* **Directions**: Once you find the line with "spectral radius. *)" in the entries below, return exactly every line from it through the line with "Definition opnorm2 (d".
○ ○ ○
(* Let $\mathcal{I}$ be a metric space, $d\ge1$, $\boldsymbol{S}\colon\mathcal{I}\to\mathbb{C}^{d\times d}$, $i\mapsto S_i$, continuous, and let $\varLambda\subset\varSigma_{\mathcal{I}}^+$ be a nonempty compact set invariant under the one-sided shift $\theta_+$. Put $\boldsymbol{S}^+_{\upharpoonright\varLambda}(0)=\{\mathrm{Id}_{\mathbb{C}^d}\}$, $\boldsymbol{S}^+_{\upharpoonright\varLambda}(\ell)=\{S_{i_\ell}\cdots S_{i_1}: i(\cdot)\in\varLambda\}$ for $\ell\ge1$, and $\boldsymbol{S}^+_{\upharpoonright\varLambda}=\bigcup_{\ell\ge0}\boldsymbol{S}^+_{\upharpoonright\varLambda}(\ell)$. Then $S_{i_n}\cdots S_{i_1}\to\mathbf{0}_{d\times d}$ as $n\to\infty$ for every $i(\cdot)\in\varLambda$ if and only if both (1) there is $\beta>0$ with $\|A\|_2\le\beta$ for all $A\in\boldsymbol{S}^+_{\upharpoonright\varLambda}$, and (2) there exist a constant $\gamma$ with $0<\gamma<1$ and an integer $N\ge1$ such that $\rho(A)\le\gamma$ for all $A\in\boldsymbol{S}^+_{\upharpoonright\varLambda}(\ell)$ and all $\ell\ge N$.
   Context: $\varSigma_{\mathcal{I}}^+$ is the set of sequences $i(\cdot)=(i_n)_{n\ge1}$ in $\mathcal{I}$ with the product topology, $\theta_+$ the shift $(i_n)_{n\ge1}\mapsto(i_{n+1})_{n\ge1}$. $\|\cdot\|_2$ is the matrix norm induced by the Euclidean norm on $\mathbb{C}^d$, and $\rho(A)$ is the spectral radius. *)

From HB Require Import structures.
From mathcomp Require Import all_boot all_order all_algebra.
From mathcomp Require Import all_classical all_reals all_analysis.
From mathcomp Require Import complex.

Set Implicit Arguments.
Unset Strict Implicit.
Unset Printing Implicit Defensive.

Import Order.TTheory GRing.Theory Num.Theory.
Local Open Scope classical_set_scope.
Local Open Scope ring_scope.

Section Defs.
Variable R : realType.

Definition cabs (z : R[i]) : R := Num.sqrt (complex.Re z ^+ 2 + complex.Im z ^+ 2).

Definition vnorm2 (d : nat) (v : 'cV[R[i]]_d) : R :=
  Num.sqrt (\sum_(j < d) cabs (v j ord0) ^+ 2).

Definition opnorm2 (d : nat) (A : 'M[R[i]]_d) : R :=
  sup [set vnorm2 (A *m v) | v in [set v : 'cV[R[i]]_d | vnorm2 v <= 1]].

Definition specrad (d : nat) (A : 'M[R[i]]_d) : R :=
  sup [set cabs l | l in [set l : R[i] | eigenvalue A l]].

(* one-sided shift on sequences (i_n)_{n>=1}, stored 0-indexed: i n = i_{n+1} *)
Definition theta_plus {I : Type} (i : nat -> I) : nat -> I := fun n => i n.+1.

Fixpoint prodS {I : Type} (d : nat) (S : I -> 'M[R[i]]_d) (i : nat -> I) (l : nat)
  : 'M[R[i]]_d :=
  match l with
  | 0 => 1%:M
  | l'.+1 => S (i l') *m prodS S i l'
  end.

Definition Splus {I : Type} (d : nat) (S : I -> 'M[R[i]]_d) (Lam : set (nat -> I))
  (l : nat) : set 'M[R[i]]_d :=
  if l is 0 then [set 1%:M] else [set prodS S i l | i in Lam].

Definition Splus_all {I : Type} (d : nat) (S : I -> 'M[R[i]]_d) (Lam : set (nat -> I))
  : set 'M[R[i]]_d :=
  \bigcup_(l in [set: nat]) Splus S Lam l.

End Defs.

(* Forward direction: by compactness of [Lam] and continuity of the finite
   products, there is a uniform [M] such that along every sequence of [Lam]
   some product of length at most [M] has norm below 1/2.  Chaining such
   blocks through the shift makes all products decay exponentially, uniformly
   on [Lam]; this bounds them and, since the spectral radius is at most the
   norm, pushes their spectral radii below 1/2 for long products.
   Converse: the products [P_m] along a sequence are bounded, so by the
   pigeonhole principle two of them are nearly equal, [P_m] and
   [P_(m+l) = W P_m] with [l >= N].  The eigenvalues of [W] have modulus at
   most [gamma < 1], so [|det (1 - W)| >= (1 - gamma)^d] and Cramer's rule
   bounds [P_m] by a constant times [P_m - W P_m]: [P_m] is small, and so are
   all later products. *)

From HB Require Import structures.
From mathcomp Require Import all_boot all_order all_algebra all_fingroup.
From mathcomp Require Import all_classical all_reals all_analysis.
From mathcomp Require Import complex.
From mathcomp Require Import ring lra.

Set Implicit Arguments.
Unset Strict Implicit.
Unset Printing Implicit Defensive.

Import Order.TTheory GRing.Theory Num.Theory.
Import numFieldTopology.Exports.
Local Open Scope classical_set_scope.
Local Open Scope ring_scope.

Section ComplexModulus.
Variable R : realType.
Local Notation C := R[i].
Implicit Types z w : C.

Lemma cabsE z : ((cabs z)%:C)%C = `|z|.
Proof. by rewrite normc_def. Qed.

Lemma cabs_ge0 z : 0 <= cabs z.
Proof. exact: sqrtr_ge0. Qed.

Lemma cabsD z w : cabs (z + w) <= cabs z + cabs w.
Proof. by rewrite -lecR rmorphD /= !cabsE ler_normD. Qed.

Lemma cabsM z w : cabs (z * w) = cabs z * cabs w.
Proof. by apply: complexI; rewrite rmorphM /= !cabsE normrM. Qed.

Lemma cabsN z : cabs (- z) = cabs z.
Proof. by apply: complexI; rewrite !cabsE normrN. Qed.

Lemma cabs0 : cabs (0 : C) = 0.
Proof. by apply: complexI; rewrite cabsE normr0. Qed.

Lemma cabs1 : cabs (1 : C) = 1.
Proof. by apply: complexI; rewrite cabsE normr1. Qed.

Lemma cabs_eq0 z : (cabs z == 0) = (z == 0).
Proof. by rewrite -(inj_eq (@complexI R)) rmorph0 cabsE normr_eq0. Qed.

Lemma cabs_signr n : cabs ((-1 : C) ^+ n) = 1.
Proof. by apply: complexI; rewrite cabsE normrX normrN1 expr1n. Qed.

Lemma cabs_delta (b : bool) : cabs (b%:R : C) <= 1.
Proof. by case: b; rewrite ?cabs1 ?cabs0 ?ler01. Qed.

Lemma cabs_lerB z w : cabs z - cabs w <= cabs (z - w).
Proof. by rewrite lerBlDr (le_trans _ (cabsD _ _)) // subrK. Qed.

Lemma cabs_sum (J : Type) (r : seq J) (P : pred J) (F : J -> C) :
  cabs (\sum_(j <- r | P j) F j) <= \sum_(j <- r | P j) cabs (F j).
Proof.
elim/big_rec2: _ => [|j y s _ Hy]; first by rewrite cabs0.
by rewrite (le_trans (cabsD _ _)) // lerD2l.
Qed.

Lemma cabs_prod (J : Type) (r : seq J) (P : pred J) (F : J -> C) :
  cabs (\prod_(j <- r | P j) F j) = \prod_(j <- r | P j) cabs (F j).
Proof. by elim/big_rec2: _ => [|j y s _ IH]; rewrite ?cabs1 // cabsM IH. Qed.

Lemma normr_Re_le z : `|complex.Re z| <= cabs z.
Proof. by rewrite -sqrtr_sqr ler_sqrt ?addr_ge0 ?sqr_ge0 // lerDl sqr_ge0. Qed.

Lemma normr_Im_le z : `|complex.Im z| <= cabs z.
Proof. by rewrite -sqrtr_sqr ler_sqrt ?addr_ge0 ?sqr_ge0 // lerDr sqr_ge0. Qed.

Lemma cabs_le_ReIm z : cabs z <= `|complex.Re z| + `|complex.Im z|.
Proof.
rewrite /cabs; set a := complex.Re z; set b := complex.Im z.
have ab0 : 0 <= `|a| + `|b| by rewrite addr_ge0.
rewrite -(ger0_norm ab0) -sqrtr_sqr ler_sqrt ?sqr_ge0 //.
rewrite sqrrD -(real_normK (num_real a)) -(real_normK (num_real b)).
by rewrite -addrA lerD2l lerDr mulrn_wge0 // mulr_ge0.
Qed.

End ComplexModulus.

Section EntrywiseNorm.
Variable R : realType.
Local Notation C := R[i].

Definition mxnorm1 m n (A : 'M[C]_(m, n)) : R := \sum_i \sum_j cabs (A i j).

Lemma mxnorm1_ge0 m n (A : 'M[C]_(m, n)) : 0 <= mxnorm1 A.
Proof. by do 2![apply: sumr_ge0 => ? _]; exact: cabs_ge0. Qed.

Lemma cabs_le_mxnorm1 m n (A : 'M[C]_(m, n)) i j : cabs (A i j) <= mxnorm1 A.
Proof.
rewrite /mxnorm1 (bigD1 i) //= (bigD1 j) //= -addrA lerDl.
by rewrite addr_ge0 //; do ?[apply: sumr_ge0 => ? _]; exact: cabs_ge0.
Qed.

Lemma mxnorm1_gt0 m n (A : 'M[C]_(m, n)) : A != 0 -> 0 < mxnorm1 A.
Proof.
case/matrix0Pn=> i [j Aij]; apply: lt_le_trans (cabs_le_mxnorm1 A i j).
by rewrite lt_def cabs_eq0 Aij cabs_ge0.
Qed.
○ ○ ○
* **Completed exercise**:
   Context: $\varSigma_{\mathcal{I}}^+$ is the set of sequences $i(\cdot)=(i_n)_{n\ge1}$ in $\mathcal{I}$ with the product topology, $\theta_+$ the shift $(i_n)_{n\ge1}\mapsto(i_{n+1})_{n\ge1}$. $\|\cdot\|_2$ is the matrix norm induced by the Euclidean norm on $\mathbb{C}^d$, and $\rho(A)$ is the spectral radius. *)

From HB Require Import structures.
From mathcomp Require Import all_boot all_order all_algebra.
From mathcomp Require Import all_classical all_reals all_analysis.
From mathcomp Require Import complex.

Set Implicit Arguments.
Unset Strict Implicit.
Unset Printing Implicit Defensive.

Import Order.TTheory GRing.Theory Num.Theory.
Local Open Scope classical_set_scope.
Local Open Scope ring_scope.

Section Defs.
Variable R : realType.

Definition cabs (z : R[i]) : R := Num.sqrt (complex.Re z ^+ 2 + complex.Im z ^+ 2).

Definition vnorm2 (d : nat) (v : 'cV[R[i]]_d) : R :=
  Num.sqrt (\sum_(j < d) cabs (v j ord0) ^+ 2).

Definition opnorm2 (d : nat) (A : 'M[R[i]]_d) : R :=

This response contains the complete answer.